There are several main types of instruments out there used in concert bands.
Two of them, are brass and woodwind and they both have a few defining differences. One of the main differences is how they each create their sound.
Here’s Some Background Information On Reed Instruments
The section of instruments that primarily uses reeds is called woodwinds. With woodwind instruments, they are categorized together because the air being pushed into is split in half on an edge like the lip plate of a flute or the edge of a reed.
What is a Reed?
A reed is a thin piece of either cane, synthetic materials, or palm leaves that attaches to an instrument and vibrates to produce a sound.

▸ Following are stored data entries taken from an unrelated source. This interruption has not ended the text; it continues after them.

(* Along a diagonal billiard orbit both coordinates move with unit speed, so the
   x- and y-coordinates are paths on a line, reflected at vertical resp.
   horizontal sides, with the same total duration T > 0.  Unfolding a reflected
   path writes T as an integer combination of the points where it starts, turns
   and ends, with weight +-1 or +-2 according to the side from which the point is
   approached.  Folding negative coordinates onto X_P gives integers n_x with
   sum n_x x = T, and likewise m_y with sum m_y y = T.  The sides x_P^+ and x_P^-
   can only be approached from inside the polygon and, by the hypotheses
   x_P^+ \notin X_P^- and x_P^- \notin X_P^+, are not hit by mirrored points, so
   n_{x_P^+}, n_{x_P^-} >= 0; the same holds for y.  The assumed
   non-vanishing then contradicts sum n_x x - sum m_y y = T - T = 0. *)

From Stdlib Require Import Reals List Lra Lia ZArith Classical.
Open Scope R_scope.

Definition rect := ((R * R) * (R * R))%type.

Definition near (e : R) (p q : pt) : Prop :=
  Rabs (fst q - fst p) < e /\ Rabs (snd q - snd p) < e.

Lemma Rabs_lt_iff u e : Rabs u < e <-> - e < u < e.
Proof. unfold Rabs; destruct (Rcase_abs u); split; intros; lra. Qed.

Lemma Rabs_ge_cases u e : e <= Rabs u -> e <= u \/ e <= - u.
Proof. unfold Rabs; destruct (Rcase_abs u); lra. Qed.

Ltac unfold_abs := repeat match goal with
  | H : Rabs _ < _ |- _ => apply Rabs_lt_iff in H
  | H : _ <= Rabs _ |- _ => apply Rabs_ge_cases in H
  | |- Rabs _ < _ => apply Rabs_lt_iff
  end.

Lemma finite_separation (L : list R) (z : R) :
  exists e, 0 < e /\ forall v, In v L -> v <> z -> e <= Rabs (v - z).
Proof.
  induction L as [|v L [e [He HL]]].
  - exists 1; split; [lra | intros v []].
  - destruct (Req_dec v z) as [<-|Hvz].
    + exists e; split; [exact He|]. intros w [<-|Hw] Hwz; [congruence | auto].
    + assert (Hd : 0 < Rabs (v - z)) by (apply Rabs_pos_lt; lra).
      exists (Rmin e (Rabs (v - z))); split; [now apply Rmin_glb_lt|].
      intros w [<-|Hw] Hwz; [apply Rmin_r|].
      eapply Rle_trans; [apply Rmin_l | auto].
Qed.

There are three main different types of reeds:
- Single reeds are one layer of cane or synthetic material and are most commonly seen on clarinet and saxophone.

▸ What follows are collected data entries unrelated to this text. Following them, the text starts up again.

(* Let $n,s$ be positive integers with $2s\le n$ and let $L=[s]=\{1,\ldots,s\}$. Let $\mathcal{F}\subseteq2^{[n]}$ be $L$-close Sperner (respectively, $L$-differencing Sperner). Then there exists $\mathcal{F}'\subseteq2^{[n]}$ with $|\mathcal{F}'|=|\mathcal{F}|$, such that $s\le|A|\le n-s$ for every $A\in\mathcal{F}'$, and $\mathcal{F}'$ is $L$-close Sperner (respectively, $L$-differencing Sperner).
   Context: $\mathcal{F}\subseteq2^{[n]}$ is $L$-differencing Sperner if $|A\setminus B|\in L$ for all distinct $A,B\in\mathcal{F}$, and $L$-close Sperner if $\min\{|A\setminus B|,|B\setminus A|\}\in L$ for all distinct $A,B\in\mathcal{F}$. *)

From mathcomp Require Import all_boot.
Set Implicit Arguments. Unset Strict Implicit. Unset Printing Implicit Defensive.

(* Ground set [n] is represented by 'I_n; families are F : {set {set 'I_n}}. *)

Definition L_differencing (n : nat) (L : pred nat) (F : {set {set 'I_n}}) : Prop :=
  forall A B, A \in F -> B \in F -> A != B -> L #|A :\: B|.

Definition L_close (n : nat) (L : pred nat) (F : {set {set 'I_n}}) : Prop :=
  forall A B, A \in F -> B \in F -> A != B -> L (minn #|A :\: B| #|B :\: A|).

Definition range1 (s : nat) : pred nat := fun k => (1 <= k) && (k <= s).

From mathcomp Require Import all_boot zify.
Set Implicit Arguments. Unset Strict Implicit. Unset Printing Implicit Defensive.

(* Both properties say that F is an antichain whose distinct members satisfy a
   relation ok (min(|A\B|,|B\A|) <= s, resp. |A\B| <= s) that holds as soon as
   the first set has at most s elements, is closed under enlarging the second set
   within size s, and is invariant under complementing both sets.  While some
   member has fewer than s elements, replace the bottom layer (size k < s <= n/2)
   by as many sets of its upper shadow: double counting gives the layer at most as
   many sets as its shadow, the new sets of size k+1 <= s satisfy ok automatically,
   and they stay incomparable with the rest.  This pushes all sizes up to >= s;
   complementing, repeating and complementing back pushes them down to <= n - s. *)

Lemma exists_subset_card (T : finType) (N : {set T}) m :
  m <= #|N| -> exists2 H : {set T}, H \subset N & #|H| = m.
Proof.
move=> le_mN; exists [set x in take m (enum N)].
  by apply/subsetP=> x; rewrite inE => /mem_take; rewrite mem_enum.
rewrite cardsE (card_uniqP _) ?take_uniq ?enum_uniq // size_take -cardE.
by case: ltngtP le_mN.
Qed.

Lemma card_set_in_sum (T : finType) (A : {set T}) (P : pred T) :
  #|[set x in A | P x]| = \sum_(x in A) P x.
Proof. by rewrite -sum1dep_card big_mkcondr /=; apply: eq_bigr => x _; case: (P x). Qed.

Lemma double_count (T U : finType) (D : {set T}) (E : {set U}) (r : T -> U -> bool) :
  \sum_(x in D) #|[set y in E | r x y]| = \sum_(y in E) #|[set x in D | r x y]|.
Proof.
under eq_bigr do rewrite card_set_in_sum.
by rewrite exchange_big; under [RHS]eq_bigr do rewrite card_set_in_sum.
Qed.

Lemma cardsCB (T : finType) (A : {set T}) : #|~: A| = #|T| - #|A|.
Proof. by rewrite -(cardsC A) addKn. Qed.

Lemma card_setD_gt0 (T : finType) (A B : {set T}) : (0 < #|A :\: B|) = ~~ (A \subset B).
Proof. by rewrite card_gt0 setD_eq0. Qed.

Section UpperShadow.
Variable T : finType.
Implicit Types (A X : {set T}) (G : {set {set T}}).

Definition upper_shadow (k : nat) G :=
  [set X : {set T} | (#|X| == k.+1) && [exists A in G, A \subset X]].

Lemma upper_shadowP k G X :
  reflect (#|X| = k.+1 /\ exists2 A, A \in G & A \subset X) (X \in upper_shadow k G).
Proof.
rewrite inE; apply: (iffP andP).
  by case=> /eqP cardX /existsP[A /andP[AG AX]]; split; last exists A.
by case=> cardX [A AG AX]; rewrite cardX; split=> //; apply/existsP; exists A; rewrite AG.
Qed.

Lemma card_supsets1 A :
  #|T| - #|A| <= #|[set X : {set T} | (A \subset X) && (#|X| == #|A|.+1)]|.
Proof.
have inj_add : {in ~: A &, injective (fun x => x |: A)}.
  move=> x y; rewrite !inE => xA yA eq_xy.
  have /setU1P[// | xA'] : x \in y |: A by rewrite -eq_xy setU11.
  by rewrite xA' in xA.
rewrite -cardsCB -(card_in_imset inj_add); apply/subset_leq_card/subsetP.
move=> _ /imsetP[x xA ->]; rewrite inE in xA.
by rewrite inE subsetUr cardsU1 xA add1n eqxx.
Qed.

Lemma card_subsets1 X : #|[set A : {set T} | (A \subset X) && (#|A|.+1 == #|X|)]| <= #|X|.
Proof.
apply: leq_trans (leq_imset_card (fun x => X :\ x) X); apply/subset_leq_card/subsetP.
move=> A; rewrite inE => /andP[AX /eqP cardX].
have /cards1P[x defx] : #|X :\: A| == 1 by rewrite cardsD (setIidPr AX) -cardX subSnn.
apply/imsetP; exists x; first by have /setDP[] : x \in X :\: A by rewrite defx set11.
by rewrite -defx setDDr setDv set0U (setIidPr AX).
Qed.

Lemma leq_card_upper_shadow k G :
  k.+1 <= #|T| - k -> {in G, forall A, #|A| = k} -> #|G| <= #|upper_shadow k G|.
Proof.
move=> le_k cardG; set S := upper_shadow k G.
rewrite -(leq_pmul2r (ltn0Sn k)); apply: leq_trans (leq_mul (leqnn _) le_k) _.
rewrite -!sum_nat_const.
have count_up A : A \in G -> #|T| - k <= #|[set X in S | A \subset X]|.
  move=> AG; rewrite -(cardG A AG); apply: leq_trans (card_supsets1 A) _.
  apply/subset_leq_card/subsetP => X; rewrite !inE (cardG A AG) => /andP[AX ->].
  by rewrite AX andbT; apply/existsP; exists A; rewrite AG.
have count_down X : X \in S -> #|[set A in G | A \subset X]| <= k.+1.
  rewrite inE => /andP[/eqP cardX _]; rewrite -cardX.
  apply: leq_trans (card_subsets1 X); apply/subset_leq_card/subsetP => A.
  by rewrite !inE cardX => /andP[AG ->]; rewrite cardG ?eqxx.
apply: leq_trans (_ : _ <= \sum_(A in G) #|[set X in S | A \subset X]|) _.
  exact: leq_sum.
by rewrite double_count; apply: leq_sum.
Qed.

End UpperShadow.

Section RelSperner.
Variables (T : finType) (ok : rel {set T}).
Implicit Types (A B X : {set T}) (F H : {set {set T}}).

Definition rel_sperner F :=
  {in F &, forall A B, A != B -> ~~ (A \subset B) && ok A B}.

Definition layer k F := [set A in F | #|A| == k].

Lemma layer_sub k F : layer k F \subset F.
Proof. by apply/subsetP => A; rewrite inE => /andP[]. Qed.

Lemma upper_shadow_layer_notin k F X :
  rel_sperner F -> X \in upper_shadow k (layer k F) -> X \notin F.
Proof.
move=> spF /upper_shadowP[cardX [A /[!inE] /andP[AF /eqP cardA] AX]].
apply/negP => XF.
have neqAX : A != X by apply/eqP => eqAX; move: cardX; rewrite -eqAX cardA; lia.
by have /andP[/negP] := spF A X AF XF neqAX.
Qed.

Lemma card_replace_layer k F H :
  rel_sperner F -> H \subset upper_shadow k (layer k F) -> #|H| = #|layer k F| ->
  #|F :\: layer k F :|: H| = #|F|.
Proof.
move=> spF sub_H cardH; have sub_layer := layer_sub k F.
have disjH : [disjoint F :\: layer k F & H].
  rewrite disjoint_subset; apply/subsetP => X /setDP[XF _]; rewrite inE.
  by apply: contraL XF => XH; apply: upper_shadow_layer_notin spF (subsetP sub_H X XH).
rewrite cardsU disjoint_setI0 // cards0 subn0 cardsD (setIidPr sub_layer) cardH.
by rewrite subnK // subset_leq_card.
Qed.

Variable s : nat.
Hypothesis ok_small : forall A B, #|A| <= s -> ok A B.
Hypothesis ok_grow : forall A B X, B \subset X -> #|X| <= s -> ok A B -> ok A X.

Lemma rel_sperner_replace_layer k F H :
  k < s -> rel_sperner F -> {in F, forall A, k <= #|A|} ->
  H \subset upper_shadow k (layer k F) -> rel_sperner (F :\: layer k F :|: H).
Proof.
move=> lt_ks spF geF sub_H.
have inH X : X \in H -> #|X| = k.+1 /\ exists2 C, C \in F & (#|C| = k) /\ C \subset X.
  move=> /(subsetP sub_H)/upper_shadowP[cardX [C /[!inE] /andP[CF /eqP cardC] CX]].
  by split=> //; exists C.
have notinF X : X \in H -> X \notin F.
  by move=> /(subsetP sub_H); apply: upper_shadow_layer_notin.
have sizeH X Y : X \in H -> Y \in H -> X != Y -> ~~ (X \subset Y).
  move=> /inH[cardX _] /inH[cardY _]; apply: contra_neqN => XY.
  by apply/eqP; rewrite eqEcard XY cardX cardY leqnn.
have gtF A : A \in F -> A \notin layer k F -> k < #|A|.
  by move=> AF; rewrite inE AF ltn_neqAle eq_sym => ->; apply: geF.
move=> A B /setUP[/setDP[AF AnG] | AH] /setUP[/setDP[BF BnG] | BH] neqAB.
- exact: spF.
- have [cardB [C CF [cardC CB]]] := inH B BH.
  have neqAC : A != C by apply: contraTneq (gtF A AF AnG) => ->; rewrite cardC ltnn.
  apply/andP; split.
    apply: contra (notinF B BH) => AB; suff <- : A = B by [].
    by apply/eqP; rewrite eqEcard AB cardB gtF.
  by apply: (ok_grow CB); [rewrite cardB | case/andP: (spF A C AF CF neqAC)].
- have [cardA [C CF [cardC CA]]] := inH A AH.
  have neqCB : C != B by apply: contraTneq (gtF B BF BnG) => <-; rewrite cardC ltnn.
  rewrite ok_small ?cardA // andbT; apply/negP => AB.
  by case/andP: (spF C B CF BF neqCB) => /negP[]; apply: subset_trans CA AB.
- by rewrite sizeH // ok_small // (proj1 (inH A AH)).
Qed.

Lemma rel_sperner_raise_layer k u F :
  k < s -> s <= u -> 2 * s <= #|T| -> rel_sperner F -> {in F, forall A, k <= #|A| <= u} ->
  exists F', [/\ #|F'| = #|F|, rel_sperner F' & {in F', forall A, k < #|A| <= u}].
Proof.
move=> lt_ks le_su le_sT spF sizeF.
have le_kT : k.+1 <= #|T| - k by lia.
have layer_card : {in layer k F, forall A, #|A| = k}.
  by move=> A; rewrite inE => /andP[_ /eqP].
have [H sub_H cardH] := exists_subset_card (leq_card_upper_shadow le_kT layer_card).
exists (F :\: layer k F :|: H); split; first exact: card_replace_layer.
  by apply: rel_sperner_replace_layer => // A /sizeF /andP[].
move=> A /setUP[/setDP[AF] | /(subsetP sub_H)/upper_shadowP[-> _]]; last by lia.
by rewrite inE AF /=; have /andP[] := sizeF A AF; lia.
Qed.

Lemma rel_sperner_raise_min u F :
  s <= u -> 2 * s <= #|T| -> rel_sperner F -> {in F, forall A, #|A| <= u} ->
  exists F', [/\ #|F'| = #|F|, rel_sperner F' & {in F', forall A, s <= #|A| <= u}].
Proof.
move=> le_su le_sT spF leF.
suff raise_from m G : rel_sperner G -> {in G, forall A, s - m <= #|A| <= u} ->
    exists F', [/\ #|F'| = #|G|, rel_sperner F' & {in F', forall A, s <= #|A| <= u}].
  by apply: (raise_from s) => // A AF; rewrite subnn leF.
elim: m G => [|m IHm] G spG sizeG.
  by exists G; split=> // A /sizeG; rewrite subn0.
have [le_sm | lt_ms] := leqP s m.
  by apply: IHm => // A /sizeG; have -> : s - m.+1 = s - m by lia.
have lt_ks : s - m.+1 < s by lia.
have [G1 [<- spG1 sizeG1]] := rel_sperner_raise_layer lt_ks le_su le_sT spG sizeG.
by apply: IHm => // A /sizeG1; have -> : (s - m.+1).+1 = s - m by lia.
Qed.

Hypothesis ok_setC : forall A B, ok (~: A) (~: B) = ok B A.

Lemma rel_sperner_setC F : rel_sperner F -> rel_sperner [set ~: A | A in F].
Proof.
move=> spF _ _ /imsetP[A AF ->] /imsetP[B BF ->] neqAB.
by rewrite setCS ok_setC spF //; apply: contraNneq neqAB => ->.
Qed.

Lemma rel_sperner_middle_layers F :
  2 * s <= #|T| -> rel_sperner F ->
  exists F', [/\ #|F'| = #|F|, rel_sperner F' & {in F', forall A, s <= #|A| <= #|T| - s}].
Proof.
move=> le_sT spF.
have le_sT' : s <= #|T| by lia.
have [F1 [cardF1 spF1 sizeF1]] :=
  rel_sperner_raise_min le_sT' le_sT spF (fun A _ => max_card A).
have le_s_Ts : s <= #|T| - s by lia.
have sizeCF1 : {in [set ~: A | A in F1], forall A, #|A| <= #|T| - s}.
  by move=> _ /imsetP[A /sizeF1 /andP[le_sA _] ->]; rewrite cardsCB; lia.
have [F2 [cardF2 spF2 sizeF2]] :=
  rel_sperner_raise_min le_s_Ts le_sT (rel_sperner_setC spF1) sizeCF1.
exists [set ~: A | A in F2]; split; last 2 first.
- exact: rel_sperner_setC.
- by move=> _ /imsetP[A /sizeF2 /andP[le_sA le_As] ->]; rewrite cardsCB; lia.
by rewrite !(card_imset _ (@setC_inj T)) in cardF2 *; rewrite cardF2.
Qed.

End RelSperner.

Section CloseAndDifferencing.
Variables (T : finType) (s : nat).
Implicit Types A B X : {set T}.

Definition close_le : rel {set T} := fun A B => minn #|A :\: B| #|B :\: A| <= s.

Definition differencing_le : rel {set T} := fun A B => #|A :\: B| <= s.

Lemma close_le_small A B : #|A| <= s -> close_le A B.
Proof.
by move=> le_As; rewrite /close_le geq_min (leq_trans (subset_leq_card (subsetDl A B))).
Qed.

Lemma close_le_grow A B X : B \subset X -> #|X| <= s -> close_le A B -> close_le A X.
Proof. by move=> _ le_Xs _; rewrite /close_le minnC; apply: close_le_small. Qed.

Lemma close_le_setC A B : close_le (~: A) (~: B) = close_le B A.
Proof. by rewrite /close_le !setDE !setCK (setIC (~: A)) (setIC (~: B)). Qed.

Lemma differencing_le_small A B : #|A| <= s -> differencing_le A B.
Proof. exact/leq_trans/subset_leq_card/subsetDl. Qed.

Lemma differencing_le_grow A B X :
  B \subset X -> #|X| <= s -> differencing_le A B -> differencing_le A X.
Proof. by move=> BX _; apply/leq_trans/subset_leq_card/setDS. Qed.

Lemma differencing_le_setC A B : differencing_le (~: A) (~: B) = differencing_le B A.
Proof. by rewrite /differencing_le !setDE setCK setIC. Qed.

End CloseAndDifferencing.

Lemma L_close_rel_sperner n s (F : {set {set 'I_n}}) :
  L_close (range1 s) F <-> rel_sperner (close_le s) F.
Proof.
rewrite /L_close /range1 /close_le; split=> spF A B AF BF neqAB.
  by have /andP[] := spF A B AF BF neqAB; rewrite leq_min !card_setD_gt0 => /andP[-> _].
have neqBA : B != A by rewrite eq_sym.
have [/andP[nAB le_s] /andP[nBA _]] := (spF A B AF BF neqAB, spF B A BF AF neqBA).
by rewrite leq_min !card_setD_gt0 nAB nBA.
Qed.

Lemma L_differencing_rel_sperner n s (F : {set {set 'I_n}}) :
  L_differencing (range1 s) F <-> rel_sperner (differencing_le s) F.
Proof. by split=> spF A B AF BF /(spF A B AF BF); rewrite /range1 card_setD_gt0. Qed.

Theorem mainTheorem10 (n s : nat) (F : {set {set 'I_n}}) :
  0 < n -> 0 < s -> 2 * s <= n ->
  (L_close (range1 s) F ->
     exists F' : {set {set 'I_n}}, #|F'| = #|F| /\
       (forall A, A \in F' -> s <= #|A| <= n - s) /\ L_close (range1 s) F') /\
  (L_differencing (range1 s) F ->
     exists F' : {set {set 'I_n}}, #|F'| = #|F| /\
       (forall A, A \in F' -> s <= #|A| <= n - s) /\ L_differencing (range1 s) F').
Proof.
move=> _ _ le_sn; have le_sT : 2 * s <= #|'I_n| by rewrite card_ord.
split=> [/L_close_rel_sperner spF | /L_differencing_rel_sperner spF].
- have [F' [cardF' spF' sizeF']] := rel_sperner_middle_layers
    (@close_le_small _ s) (@close_le_grow _ s) (@close_le_setC _ s) le_sT spF.
  exists F'; split=> //; split=> [A /sizeF' | ]; first by rewrite card_ord.
  exact/L_close_rel_sperner.
- have [F' [cardF' spF' sizeF']] := rel_sperner_middle_layers
    (@differencing_le_small _ s) (@differencing_le_grow _ s)
    (@differencing_le_setC _ s) le_sT spF.
  exists F'; split=> //; split=> [A /sizeF' | ]; first by rewrite card_ord.
  exact/L_differencing_rel_sperner.
Qed.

- Double reeds are used by oboes and bassoons and are two strips of material bound together, they are made by shaving down a cane before being placed face to face and being tied together by strings, and inserted into a piece of cork.
- Quadruple reeds are most commonly seen around Asia and are made of four layers of dried palm leaves.

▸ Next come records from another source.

Definition Qpi (N : nat) (q : rat) : Prop :=
  forall p : nat, prime p -> (p %| `|denq q|)%N -> (p %| N)%N.

Definition iso_Qpi_pow (A : zmodType) (N r : nat) (V : A -> Prop) : Prop :=
  exists f : 'rV[rat]_r -> A,
    [/\ (forall u v : 'rV[rat]_r, (forall j, Qpi N (u 0 j)) -> (forall j, Qpi N (v 0 j)) ->
            f (u + v) = f u + f v),
        (forall u v : 'rV[rat]_r, (forall j, Qpi N (u 0 j)) -> (forall j, Qpi N (v 0 j)) ->
            f u = f v -> u = v) &
        (forall a, V a <-> exists2 u : 'rV[rat]_r, (forall j, Qpi N (u 0 j)) & f u = a)].

(* Bezout identities u_i m_i + v_i n_i = 1 make u_i phi_i + v_i an inverse of n_i modulo
   the torsion subgroup T; composing them gives an additive th with N th(x) = x mod T,
   where N = n_1 ... n_t.  Prune a finite family spanning A modulo T until it becomes
   independent modulo T, say a_1, ..., a_r, and take multiples y_j = o a_j with
   N th(y_j) = y_j exactly.  The elements th^k(y_j) behave like y_j / N^k, so the subgroup
   X they generate is isomorphic to (Q^pi)^r and A/X is periodic.  Writing N = n_i N_i,
   each phi_i acts on th^k(y_j) like m_i N_i th^(k+1)(y_j) modulo T, so it maps X into X
   modulo T; by inertiality only finitely many torsion defects occur, a single exponent e
   kills them all, and V := eX is the required submodule. *)

From HB Require Import structures.
From mathcomp Require Import all_boot all_order all_algebra.
From Stdlib Require Import Classical.
Import Order.TTheory GRing.Theory Num.Theory.
Set Implicit Arguments. Unset Strict Implicit. Unset Printing Implicit Defensive.
Local Open Scope ring_scope.

Section AdditiveFun.
Variables (A : zmodType) (f : A -> A).
Hypothesis hf : additive_fun f.

Lemma additive_fun_zmod_morphism : zmod_morphism f.
Proof.
have f0 : f 0 = 0 by apply: (addrI (f 0)); rewrite -hf !addr0.
by move=> x y; apply: (addIr (f y)); rewrite -hf subrK addrNK.
Qed.

Let fA : {additive A -> A} :=
  HB.pack f (GRing.isZmodMorphism.Build A A f additive_fun_zmod_morphism).

Lemma additive_funMn x k : f (x *+ k) = f x *+ k. Proof. exact: (raddfMn fA). Qed.
Lemma additive_funMz x z : f (x *~ z) = f x *~ z. Proof. exact: (raddfMz fA). Qed.
Lemma additive_fun_sum I (s : seq I) (F : I -> A) :
  f (\sum_(i <- s) F i) = \sum_(i <- s) f (F i).
Proof. exact: (raddf_sum fA). Qed.

Lemma additive_fun_iter k : additive_fun (iter k f).
Proof. by elim: k => [|k IH] x y //=; rewrite IH hf. Qed.

End AdditiveFun.

Section Subgroup.
Variables (A : zmodType) (X : A -> Prop).
Hypothesis hX : subgroup X.

Lemma subgroup0 : X 0. Proof. exact: hX.1. Qed.
Lemma subgroupB x y : X x -> X y -> X (x - y). Proof. exact: hX.2. Qed.
Lemma subgroupN x : X x -> X (- x).
Proof. by move=> Xx; rewrite -sub0r; apply: subgroupB => //; apply: subgroup0. Qed.
Lemma subgroupD x y : X x -> X y -> X (x + y).
Proof. by move=> Xx Xy; rewrite -[y]opprK; apply/subgroupB/subgroupN. Qed.

Definition mulrn_image (e : nat) (z : A) := exists2 x, X x & z = x *+ e.

Lemma periodic_mulrn_image e : (0 < e)%N -> periodic_mod X -> periodic_mod (mulrn_image e).
Proof.
move=> e_gt0 perX z; have [k [k_gt0 Xkz]] := perX z.
by exists (k * e)%N; split; [rewrite muln_gt0 k_gt0 | exists (z *+ k); rewrite ?mulrnA].
Qed.

Lemma subgroup_mulrn_image e : subgroup (mulrn_image e).
Proof.
split; first by exists 0; [apply: subgroup0 | rewrite mul0rn].
by move=> _ _ [x Xx ->] [x' Xx' ->]; exists (x - x'); [apply: subgroupB | rewrite mulrnBl].
Qed.

End Subgroup.

Section Torsion.
Variable A : zmodType.
Implicit Types x y : A.

Lemma torsion0 : torsion (0 : A).
Proof. by exists 1%N; rewrite mulr1n. Qed.

Lemma torsionD x y : torsion x -> torsion y -> torsion (x + y).
Proof.
case=> k [k0 hk] [l [l0 hl]]; exists (k * l)%N; split; first by rewrite muln_gt0 k0.
by rewrite mulrnDl mulrnA hk mul0rn mulnC mulrnA hl mul0rn addr0.
Qed.

Lemma torsionMz x z : torsion x -> torsion (x *~ z).
Proof. by case=> k [k0 hk]; exists k; rewrite pmulrn mulrzAC -pmulrn hk mul0rz. Qed.

Lemma torsionMzK x z : z != 0 -> torsion (x *~ z) -> torsion x.
Proof.
move=> z0 [k [k0 hk]]; exists (`|z| * k)%N; split; first by rewrite muln_gt0 absz_gt0 z0.
have -> : x *+ (`|z| * k) = x *~ z *+ k *~ sgz z.
  by rewrite mulrnA [x *+ `|z|]pmulrn abszEsg mulrC mulrzA !pmulrn mulrzAC.
by rewrite hk mul0rz.
Qed.

Lemma torsion_sum I (s : seq I) (F : I -> A) :
  (forall i, torsion (F i)) -> torsion (\sum_(i <- s) F i).
Proof.
by move=> tF; apply: (big_ind (@torsion A)) => //; [apply: torsion0 | apply: torsionD].
Qed.

End Torsion.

- They are constructed similarly to a double reed, but there are two layers vibrating against one another on each side instead of just one.
Single reeds range in sizes and increase by halves, they start at 1&½ and get thicker as they go up.
The normal range for reeds is from 2-5
Much like brass instruments, each instrument will use a different type of reed, it will say what instrument and key it is for on the packaging!
What Instruments Use Reeds?
As mentioned above reeds are used by most instruments in the woodwind family, and there are single reeds, double reeds, and quadruple reeds and each instrument uses a specific type.
Some instruments that use single reeds include:
- Bass Clarinet
- Soprano Saxophone
- Alto Saxophone
- Tenor Saxophone
- Baritone Saxophone
- Bass Saxophone
Some instruments that use double reeds include:
- English Horn
Some instruments that use quadruple reeds include:
- Pui’ Pui’ (From Indonesia)
- Shehnai (From India)
- Sralai (From Cambodia)
- Pi (From Thailand)
Are There any Woodwind Instruments that Do Not use Reeds?
There are several instruments considered to be woodwinds because the air splits across the lip plate as it goes into the instrument.
Most of them are classified as aerophones and are reedless wind instruments that create sound by blowing air across an opening.
This style of instrument is one of the oldest in history with the oldest evidence of one found so far being over 43,000 years old, and there are hundreds of variations of it around the world.
Some examples include:
- Western concert flute
- Daegeum (From Korea)
- Dizi (From China)
- Atenteben (From Ghana)
Do Any Instruments in the Brass Family use a Reed?
No, brass instruments use a different attachment called a mouthpiece, which is a metal cup-shaped attachment that goes onto the receiver, an empty pipe on the end of the instrument closest to the face.
Much like a reed, each instrument has its own specific type of mouthpiece it has to use to produce the correct sound and if you do not get the correct type for your instrument it will not be able to be played!
They all vary in shape and size, and there are many different types, brands, and prices of mouthpieces to choose from with each brass instrument.
Have Trumpets Used Reeds in the Past?
Reeds have never been a part of the trumpet’s history.
The earliest form of the trumpet was made from natural things, such as animal horns. They did not have valves and the ancient peoples would blow directly into them to produce sound.
In the middle ages, people learned how to bend brass, so they then began to make them out of metal, and over time learned how to make valved trumpets which eventually lead the instrument to be developed into the classic trumpet shape we know today!
How Do Trumpets Produce Sound Without a Reed?
Trumpet players create sound by ‘buzzing’ into their mouthpiece.
Buzzing is when you press your lips together and blow air through them, causing your lips to vibrate.
With brass instruments, the musician will buzz into a mouthpiece, which attaches onto the instrument and helps the air travel through the pipes.
The vibrations inside the metal and out the bell are what creates the instrument’s sound.
Are Trumpets Harder to Play Than Instruments with a Reed?
Trumpets typically take more air to play, since they have to get it through about six and a half feet of pipes before it comes out of the bell, but when it comes to reed instruments, one of the biggest things you have to take into consideration is mouth placement on the head joint.
Opposed to brass where your rest your lips on it, with reed instruments you have to put the instrument into your mouth.
If the head joint is too far in or too far out of a woodwind player’s mouth it can cause serious effects in the playing of the instrument, and could even cause the reed to break. Making it useless.
Another thing about reeds is that the reeds have to be replaced every so often due to the typical wear and tear of playing.
Sometimes they can last a few months, sometimes they only last a few weeks, whereas a brass mouthpiece can last for years with the proper care and cleaning.
Also if a reed is not properly taken care of or regularly replaced, it can even get moldy. Yuck!